Harboring bitterness. Holding a grudge. Clinging to resentment. These are common feelings when you’re struggling to forgive someone, but have you found that living with these emotions increases your happiness? Improves your health? Provides inspiration? Probably not. Holding on and refusing to forgive is more likely dragging you down and absorbing much of your mental, emotional, and physical energy.
Not the natural reaction
Forgiving when you’ve been hurt isn’t usually the default setting in relationships. When you feel angry at a person or situation, is your immediate reaction to forgive? Probably not. You’re more likely to withdraw, hide behind your anger, or even obsess over what’s been done to you.
These feelings, which can manifest as grudges, disguise themselves as protection, a way to prevent further damage. That hard shell can keep out the bad, but you may also miss out on a lot of good. Holding a grudge can stop you from fully engaging in relationships and life.
Forgiving others for yourself
Forgiveness is the answer—an active choice to let go of hurt so you can immerse yourself in the relationships that matter and the life happening around you. In the 2017 documentary Heal, medical professionals and spiritual healers offer their insights into the connection between emotions and physical health. A conversation about these relationships would be incomplete without addressing forgiveness.
The documentary looks at how holding on to feelings of anger, resentment, bitterness, and regret can heighten your body’s chemical response to harmful stimuli, placing you in a near-constant state of stress. Considering stress is linked to the six leading causes of death in the US, this kind of energy is clearly detrimental to your body.
Forgiveness is an active choice
Disputing the obvious benefits of forgiveness is difficult, but following through on actually letting go can be challenging. Forgiveness is an active choice, and you have to get comfortable with forgiving yourself and others. In the Heal documentary, author Michael Beckwith beautifully states, “All forgiveness is ultimately self-forgiveness.”
The need to forgive yourself for holding on to resentment is an integral ingredient to resolution. Whether the bitterness is the result of what you’ve done or what was done to you, the implications are the same.

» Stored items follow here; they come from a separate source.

Theorem mainTheorem2 (R : realFieldType) (n : nat) (L : 'I_n -> R) :
  (4 <= n)%N ->
  positive_lengths L -> strict_triangle L -> generic L -> is_bow L ->
  #|Gamma_vertices L| = (2 ^ n.-1 - 2)%N /\
  (forall L' : 'I_n -> R,
     positive_lengths L' -> strict_triangle L' -> generic L' ->
     (2 ^ n.-1 - 2 <= #|Gamma_vertices L'|)%N).
Proof.
move=> n_ge4 Lpos Ltri Lgen bow.
have last_lt_n : n.-1 < n by rewrite ltn_predL (leq_trans _ n_ge4).
pose a := Ordinal last_lt_n.
have free : #|~: ([set a] :|: set0)| = n.-1.
  have := cardsC [set a]; rewrite cards1 card_ord add1n setU0.
  by move/(congr1 predn).
split.
- rewrite (card_Gamma_vertices L a); apply/eqP; rewrite eqn_leq.
  apply/andP; split.
  + apply: leq_trans (subset_leq_card (bow_seeded_sub Lpos _)) _.
      by move=> c ca; apply: bow.
    by rewrite (leq_trans (leq_imset_card _ _)) // card_proper_subsets free.
  + rewrite -free; apply: forced_bound => //.
    * exact: set1_neq0.
    * exact: disjoint_set0.
    * exact: short_set1.
    * by move=> c; rewrite setU0 !inE => ca; apply: bow.
- move=> L' Lpos' Ltri' Lgen'; rewrite (card_Gamma_vertices L' a).
  apply: one_seed_bound (set1_neq0 a) (short_set1 Ltri' a) _ => //.
  by rewrite -free setU0.
Qed.
Lemma ldR_sym (x y : X) : ldR x y = ldR y x.
Proof.
  suff ldR_sym_le a b : ldR a b <= ldR b a by apply: Rle_antisym.
  by apply: ldR_le => phi; rewrite /fdist Rabs_minus_sym; exact: fdist_le_ldR.
Qed.

Lemma ldR_tri (x y z : X) : ldR x z <= ldR x y + ldR y z.
Proof.
  apply: ldR_le => phi; apply: Rle_trans (abs_tri _ _ _) _.
  by apply: Rplus_le_compat; exact: fdist_le_ldR.
Qed.

Lemma ldR_le_dist (x y : X) : ldR x y <= dist x y.
Proof. by apply: ldR_le => phi; exact: (ne_nexp (sem lam alpha phi)). Qed.

Definition ld_space : BPMet :=
  {| car := X; dist := ldR; dist_bnd := ldR_bnd; dist_refl := ldR_refl;
     dist_sym := ldR_sym; dist_tri := ldR_tri |}.

Definition ld_id : NE X ld_space := {| ne := (id : X -> ld_space); ne_nexp := ldR_le_dist |}.

Definition sem_ld (phi : Form ar) : NE ld_space I01 :=
  {| ne := (sem lam alpha phi : X -> I01) : ld_space -> I01; ne_nexp := fdist_le_ldR phi |}.

Definition FBigAnd (I : Type) (f : I -> Form ar) (s : seq I) : Form ar :=
  foldr (fun i phi => FAnd (f i) phi) (FTop ar) s.

Lemma sem_FBigAnd_ge (I : eqType) (f : I -> Form ar) (s : seq I) (i : I) (z : X) :
  i \in s -> val01 (sem lam alpha (f i) z) <= val01 (sem lam alpha (FBigAnd f s) z).
Proof.
  elim: s => [|j s IHs] //=; rewrite in_cons => /orP [/eqP <-|i_s].
  - exact: Rmax_l.
  - exact: Rle_trans (IHs i_s) (Rmax_r _ _).
Qed.

Lemma sem_FBigAnd_le (I : Type) (f : I -> Form ar) (s : seq I) (z : X) (c : R) :
  0 <= c -> (forall i, val01 (sem lam alpha (f i) z) <= c) ->
  val01 (sem lam alpha (FBigAnd f s) z) <= c.
Proof. by move=> c_ge0 fc; elim: s => [|i s IHs] //=; apply: Rmax_lub. Qed.

(* psi_k := ⋀_k' hom_s(φ_kk'(p_k), φ_kk'), where φ_kk' almost realises ld(p_k', p_k):
   psi_k(z) <= ld(z, p_k) everywhere, and psi_k(p_k') > ld(p_k', p_k) - ε. *)
Lemma frechet_formula_approx (P : list ld_space) (z0 : ld_space) (eps : R) : 0 < eps ->
  exists psi : 'I_(length P) -> Form ar, forall z, List.In z P ->
    dist (frechet P z0 z) (ne_tuple (fun k => sem_ld (psi k)) z) <= eps.
Proof.
  move=> eps_gt0; set m := length P; set p := fun k : 'I_m => List.nth k P z0.
  have [phi phi_approx] := choice
    (fun kk : 'I_m * 'I_m => fun phi => ldR (p kk.2) (p kk.1) - eps < fdist phi (p kk.2) (p kk.1))
    (fun kk => ldR_approx _ _ eps_gt0).
  pose psi k := FBigAnd (fun k' => FHom (sem lam alpha (phi (k, k')) (p k)) (phi (k, k'))) (enum 'I_m).
  exists psi => _ /(In_nth_ord z0) [k' <-].
  apply: bigmax_le => [|k /=]; first lra.
  have psi_le : val01 (sem lam alpha (psi k) (p k')) <= ldR (p k') (p k).
    apply: sem_FBigAnd_le => [|k'']; first exact: (proj1 (ldR_bnd _ _)).
    exact: fdist_le_ldR.
  have psi_ge : ldR (p k') (p k) - eps < val01 (sem lam alpha (psi k) (p k')).
    apply: Rlt_le_trans (phi_approx (k, k')) _.
    by apply: (sem_FBigAnd_ge (fun k'' => FHom _ (phi (k, k'')))); rewrite mem_enum.
  rewrite -/(p k') -/(p k); rewrite /val01 in psi_le psi_ge; split_Rabs; lra.
Qed.

End LogicalDistance.

Definition yoneda_lifting (F : Functor) (n : nat) (g : NE (Fo F (Cube n)) I01) : PredLifting F n.
Proof.
  refine {| pl := fun X phi => ne_comp g (Fm F phi) |}.
  by move=> X Y f phi t /=; rewrite Fm_comp.
Defined.

Definition yoneda_label (F : Functor) : Type := {n : nat & NE (Fo F (Cube n)) I01}.
Definition yoneda_arity (F : Functor) (l : yoneda_label F) : nat := projT1 l.
Definition yoneda_lam (F : Functor) (l : yoneda_label F) : PredLifting F (yoneda_arity l) :=
  yoneda_lifting (projT2 l).

Lemma bd_le_coalg_morph (F : Functor) (X Y : BPMet) (alpha : NE X (Fo F X))
    (beta : NE Y (Fo F Y)) (f : NE X Y) (x y : X) :
  coalg_morph alpha beta f -> Rbar_le (bd alpha x y) (dist (f x) (f y)).
Proof.
  move=> f_morph; apply: (proj1 (Glb_Rbar_correct _)).
  by exists Y, beta, f.
Qed.

Section Expressivity.
Variables (F : Functor) (G : SubFunctor F).
Hypotheses (F_iso : preserves_isometries F) (F_lne : locally_nonexpansive F).
Hypotheses (G_dense : dense_sub G) (G_omega : omega_bounded G).
Variables (X : BPMet) (alpha : NE X (Fo F X)).

Notation ldY := (ld_space (@yoneda_lam F) alpha).
Notation idY := (ld_id (@yoneda_lam F) alpha).

Lemma Fm_sem_tuple_dist_le_ld (m : nat) (psi : 'I_m -> Form (@yoneda_arity F)) (x y : X) :
  dist (Fm F (ne_tuple (fun k => sem (@yoneda_lam F) alpha (psi k))) (alpha x))
       (Fm F (ne_tuple (fun k => sem (@yoneda_lam F) alpha (psi k))) (alpha y))
  <= ldR (@yoneda_lam F) alpha x y.
Proof.
  set Psi := ne_tuple _.
  have := fdist_le_ldR (@yoneda_lam F) alpha
    (FLam (l := existT _ m (dist_from (Fm F Psi (alpha x)))) psi) x y.
  rewrite /fdist /= dist_refl Rminus_0_l Rabs_Ropp Rabs_pos_eq //.
  exact: (proj1 (dist_bnd _ _)).
Qed.

Lemma ld_coalg_nexp (x y : X) :
  dist (Fm F idY (alpha x)) (Fm F idY (alpha y)) <= ldR (@yoneda_lam F) alpha x y.
Proof.
  apply: Rle_plus_epsilon => eps eps_gt0.
  have eps6_gt0 : 0 < eps / 6 by lra.
  have [P approx] := Fo_dist_le_frechet_approx F_iso F_lne G_dense G_omega
    (x : ldY) (Fm F idY (alpha x)) (Fm F idY (alpha y)) eps6_gt0.
  have [psi close] := frechet_formula_approx P x eps6_gt0.
  have := approx _ close; rewrite -!Fm_comp.
  have -> : ne_comp (ne_tuple (fun k => sem_ld (@yoneda_lam F) alpha (psi k))) idY
            = ne_tuple (fun k => sem (@yoneda_lam F) alpha (psi k)) by exact: NE_ext.
  have := Fm_sem_tuple_dist_le_ld psi x y; lra.
Qed.
Lemma nabla_sup_lip1 g a b : lip1 g -> adj a b -> g a - g b = 1 ->
  nabla_sup w g = 1%E.
Proof.
move=> Hl hab e; apply/eqP; rewrite eq_le; apply/andP; split.
  apply: ge_ereal_sup => _ [[x y] /= hxy <-].
  by rewrite nabla_adj // lee_fin Hl.
by apply: ereal_sup_ubound; exists (a, b) => //=; rewrite nabla_adj ?e.
Qed.

Lemma Deg_max_ub : (Deg_max w m < +oo)%E ->
  exists2 K, 0 < K & forall x, Deg x <= K.
Proof.
have Hub x : ((Deg x)%:E <= Deg_max w m)%E by apply: ereal_sup_ubound; exists x.
move: Hub; case: (Deg_max w m) => [r| |] // Hub _.
  exists (Num.max r 1); first by rewrite lt_max ltr01 orbT.
  by move=> x; rewrite le_max -lee_fin Hub.
by exists 1 => // x; have := Hub x; rewrite leeNy_eq.
Qed.

Lemma q_min_lb : (0 < q_min w m)%E ->
  exists2 Q, 0 < Q & forall x y, adj x y -> Q <= q x y.
Proof.
have Hlb x y : adj x y -> (q_min w m <= (q x y)%:E)%E.
  by move=> hxy; apply: ereal_inf_lbound; exists (x, y).
move: Hlb; case: (q_min w m) => [r| |] // Hlb.
  by rewrite lte_fin => r0; exists r => // x y /Hlb; rewrite lee_fin.
by exists 1 => // x y /Hlb; rewrite leye_eq.
Qed.

Lemma connected_nonconst_edge {f : V -> R} {x y : V} : connected_graph w ->
  f x != f y -> exists a b, adj a b /\ f b < f a.
Proof.
move=> Hconn Hne.
suff [a [b [hab]]] : exists a b, adj a b /\ f a != f b.
  rewrite neq_lt => /orP[hlt|hgt]; last by exists a, b.
  by exists b, a; split => //; exact: adj_sym.
have [n [p [p0 pn hp]]] := Hconn x y.
apply: contrapT => Hc.
have Hconst i : (i <= n)%N -> f (p i) = f x.
  elim: i => [|i IH] hi; first by rewrite p0.
  rewrite -(IH (ltnW hi)); apply/eqP/negPn/negP => hneq; apply: Hc.
  by exists (p i), (p i.+1); split; [exact: hp | rewrite eq_sym].
by move: Hne; rewrite -pn Hconst // eqxx.
Qed.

The negativity is directed inward, which hurts only you.
You continue to live in pain with little hope for escape.
In this case, you may find you’re harder on yourself than you are on others. Extending forgiveness to others before yourself can be easier because you might feel the other person is more worthy. You might not think you deserve absolution, making self-forgiveness impossible.
When you hold on to anger, hopelessness and despair can grow in your soul, eventually infecting your heart, mind, and body. Without forgiveness, your trauma may have no natural resolution. In the end, forgiveness is for you more than anyone else.
Forgetting isn’t a given
Letting go may be the only way forward, but this does not mean erasing what happened. When you forgive, you don’t have to forget. Forgiveness and trust are very different. You’re not required to believe or accept back into your life someone who’s betrayed you. Depending on the circumstance, trusting them again or continuing a relationship would be just plain foolish.
Hopefully, you’d forgive someone who stole from you, but you wouldn’t allow them to handle your belongings in the future, right? Trust is fragile and can be permanently damaged.
Freedom in forgiveness
You’ll need time, and possibly even outside help, to process a bad situation before you can let your negative feelings go. But, ultimately, the choice of whether you want to fill your life with love and positivity or hate and negativity is yours.
The winding road to forgiveness isn’t perfectly paved, but leaving your anger behind is so valuable that the journey is worth it. When you arrive at a place of peace, you will feel a profound sense of liberation from the weight you’ve been carrying.
This newfound lightness empowers you to move on, freeing your mind, soul, and body. It creates space for love, acceptance, joy, and openness, dissolving the destructive emotions that once caused so much pain.